Los años de Enrique de la Cuadra significan al mismo tiempo el auge y la caída de la saga, ya que comenzó a gastar grandes cantidades de dinero que llevó a la familia literalmente a la bancarrota. El hecho es que tuvo muy mala suerte, y algunos de sus proyectos industriales, que tenían una buena base, no salieron adelante, como por ejemplo la fábrica que puso en marcha que salió ardiendo. Murió muy joven, con poco más de 50 años, curiosamente un 8 de septiembre.

La historia que cuenta Andrés continúa con los hijos que tuvieron el propio Enrique y Marciala Sainz de la Maza, Fernando y Federico. «La realidad es que Enrique, estando ya arruinado, seguía dando préstamos a las personas que se lo pedían, por lo que sus hijos tuvieron que hacer frente vendiendo mucho patrimonio a una situación muy complicada. Eso sí, los dos consiguieron alcanzar las ambiciones políticas que siempre había codiciado su padre sin éxito». Fernando y Federico son los que terminan vendiendo propiedades tan importantes como el Casino, la Vía Marciala o el Real de la Feria, extinguiéndose prácticamente con ellos la saga en Utrera.

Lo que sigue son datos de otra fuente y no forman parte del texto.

(* There exists a system $\dot x=f(x,u)$, $y=h(x)$, with $f:\mathbb{R}^n\times\mathbb{R}^m\to\mathbb{R}^n$ and $h:\mathbb{R}^n\to\mathbb{R}^p$ locally Lipschitz, $f(0,0)=0$, $h(0)=0$, which is ROS but not IOS.
   Context: Inputs are measurable, locally essentially bounded functions $u:[0,\infty)\to\mathbb{R}^m$; $\|u\|$ is the essential supremum of $|u(t)|$ (Euclidean norm). $x(\cdot,\xi,u)$ denotes the maximal solution of $\dot x=f(x,u)$, $x(0)=\xi$, and $y(t,\xi,u)=h(x(t,\xi,u))$. The system is forward complete if all such solutions are defined on $[0,\infty)$. Classes: $\mathcal{K}$ = continuous strictly increasing $\gamma:[0,\infty)\to[0,\infty)$ with $\gamma(0)=0$; $\mathcal{K}_\infty$ = unbounded $\mathcal{K}$ functions; $\mathcal{KL}$ = functions $\beta(s,t)$ of class $\mathcal{K}$ in $s$ and decreasing to $0$ in $t$. IOS: the system is forward complete and there exist $\beta\in\mathcal{KL}$, $\gamma\in\mathcal{K}$ with $|y(t,\xi,u)|\le\beta(|\xi|,t)+\gamma(\|u\|)$ for all $t\ge0$, $u$, $\xi$. ROS: the system is forward complete and there exists a smooth $\lambda\in\mathcal{K}_\infty$ such that the system $\dot x=f(x,d\,\lambda(|h(x)|))$, $y=h(x)$, with inputs $d$ measurable locally essentially bounded taking values in the closed unit ball of $\mathbb{R}^m$, is forward complete, and there exists $\beta\in\mathcal{KL}$ with $|y_\lambda(t,\xi,d)|\le\beta(|\xi|,t)$ for all $t\ge0$, $\xi$, $d$, where $y_\lambda(\cdot,\xi,d)$ is the output of this closed-loop system from $\xi$ under $d$. *)

From HB Require Import structures.
From mathcomp Require Import all_boot all_order all_algebra.
From mathcomp Require Import all_classical all_reals all_analysis.
From mathcomp Require Import Rstruct Rstruct_topology ess_sup_inf.
From Stdlib Require Rdefinitions.
Notation R := Rdefinitions.R.
Set Implicit Arguments. Unset Strict Implicit. Unset Printing Implicit Defensive.
Import Order.TTheory GRing.Theory Num.Theory.
Import numFieldNormedType.Exports.
Local Open Scope classical_set_scope.
Local Open Scope ring_scope.

Definition vec (n : nat) := 'I_n -> R.

Definition mR := measurableTypeR R.

Definition enorm (n : nat) (x : vec n) : R := Num.sqrt (\sum_(i < n) x i ^+ 2).

Definition pnorm (n m : nat) (x : vec n) (u : vec m) : R :=
  Num.sqrt (\sum_(i < n) x i ^+ 2 + \sum_(j < m) u j ^+ 2).

Definition I0 (t : R) : set mR := `[0, t].

Definition vsub (n : nat) (x y : vec n) : vec n := fun i => x i - y i.

Definition vzero (n : nat) : vec n := fun _ => 0.

Definition loc_lipschitz_h (n p : nat) (h : vec n -> vec p) : Prop :=
  forall z : vec n, exists eps : R, exists L : R, 0 < eps /\
    forall x y : vec n, enorm (vsub x z) < eps -> enorm (vsub y z) < eps ->
      enorm (vsub (h x) (h y)) <= L * enorm (vsub x y).

Definition loc_lipschitz_f (n m : nat) (f : vec n -> vec m -> vec n) : Prop :=
  forall (z : vec n) (w : vec m), exists eps : R, exists L : R, 0 < eps /\
    forall (x1 x2 : vec n) (u1 u2 : vec m),
      pnorm (vsub x1 z) (vsub u1 w) < eps -> pnorm (vsub x2 z) (vsub u2 w) < eps ->
      enorm (vsub (f x1 u1) (f x2 u2)) <= L * pnorm (vsub x1 x2) (vsub u1 u2).

(* Inputs: measurable (on [0,oo)), locally essentially bounded functions.
   Values of u at negative times are irrelevant. *)
Definition input (m : nat) (u : R -> vec m) : Prop :=
  (forall j : 'I_m, measurable_fun (`[0, +oo[ : set mR) ((fun t => u t j) : mR -> mR)) /\
  (forall T : R, exists M : R,
     \forall t \ae (@lebesgue_measure R), 0 <= t <= T -> enorm (u t) <= M).

Definition input_norm (m : nat) (u : R -> vec m) : \bar R :=
  ess_sup (@lebesgue_measure R)
    (fun t : mR => if 0 <= (t : R) then (enorm (u t))%:E else 0%E).

(* x is a (Caratheodory) solution of xdot = f(x,u), x(0) = xi, on [0,oo):
   for every t >= 0, s |-> f(x s, u s) is integrable on [0,t] and
   x(t) = xi + int_0^t f(x(s),u(s)) ds (componentwise). *)
Definition solution (n m : nat) (f : vec n -> vec m -> vec n)
  (xi : vec n) (u : R -> vec m) (x : R -> vec n) : Prop :=
  forall t : R, 0 <= t -> forall i : 'I_n,
    (@lebesgue_measure R).-integrable (I0 t) (fun s => (f (x s) (u s) i)%:E) /\
    ((x t i)%:E = (xi i)%:E +
       \int[@lebesgue_measure R]_(s in (I0 t)) (f (x s) (u s) i)%:E)%E.

(* forward completeness w.r.t. a class of admissible inputs:
   a solution exists on [0,oo). Since f is locally Lipschitz, the maximal
   solution is unique, so this says the maximal solution is defined on [0,oo). *)
Definition fwd_complete (n m : nat) (adm : (R -> vec m) -> Prop)
  (f : vec n -> vec m -> vec n) : Prop :=
  forall (xi : vec n) (u : R -> vec m), adm u -> exists x, solution f xi u x.

Definition classK (g : R -> R) : Prop :=
  g 0 = 0 /\ {within `[0, +oo[, continuous g} /\
  (forall a b : R, 0 <= a -> a < b -> g a < g b).

Definition classKinf (g : R -> R) : Prop :=
  classK g /\ (forall M : R, exists s : R, 0 <= s /\ M < g s).

Definition classKL (b : R -> R -> R) : Prop :=
  (forall t : R, 0 <= t -> classK (fun s => b s t)) /\
  (forall s : R, 0 <= s ->
     (forall t1 t2 : R, 0 <= t1 -> t1 <= t2 -> b s t2 <= b s t1) /\
     (b s t @[t --> +oo] --> (0:R))).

Durante dos años, Andrés Otero ha llevado a cabo una profunda inmersión en el siglo XIX utrerano para entender la verdadera trascendencia del legado de los Cuadra, componiendo una obra fundamental para comprender muchos aspectos de la Utrera contemporánea. «Es una realidad que se trata de una familia que trajo la modernidad a Utrera. Eran gente que venían de fuera, con otra mentalidad y otra forma de ver la vida que aquí no había», cuenta Otero quien quiere aclarar que «Enrique de la Cuadra tuvo proyectos muy importantes para la ciudad, era una persona a la que no le gustaba ser temido, quería ser querido e incluso tenía gestos de gran benefactor como sufragar el viaje a París y el tratamiento de un niño de Utrera al que le había mordido un perro rabioso, para que lo curase el mismísimo Pasteur».

Enrique de la Cuadra ofrecía becas a los niños para que se formasen, ayudaba a los adultos a que aprendiesen a leer y escribir, porque en definitiva siempre tuvo muy presente lo importante que era el progreso de Utrera. «Ha sido una tesis en la que confluyen elementos como la economía y la política, porque para concebir la historia no podemos aislar a los individuos, el poder es de las familias, no de los individuos», concluye Andrés Otero.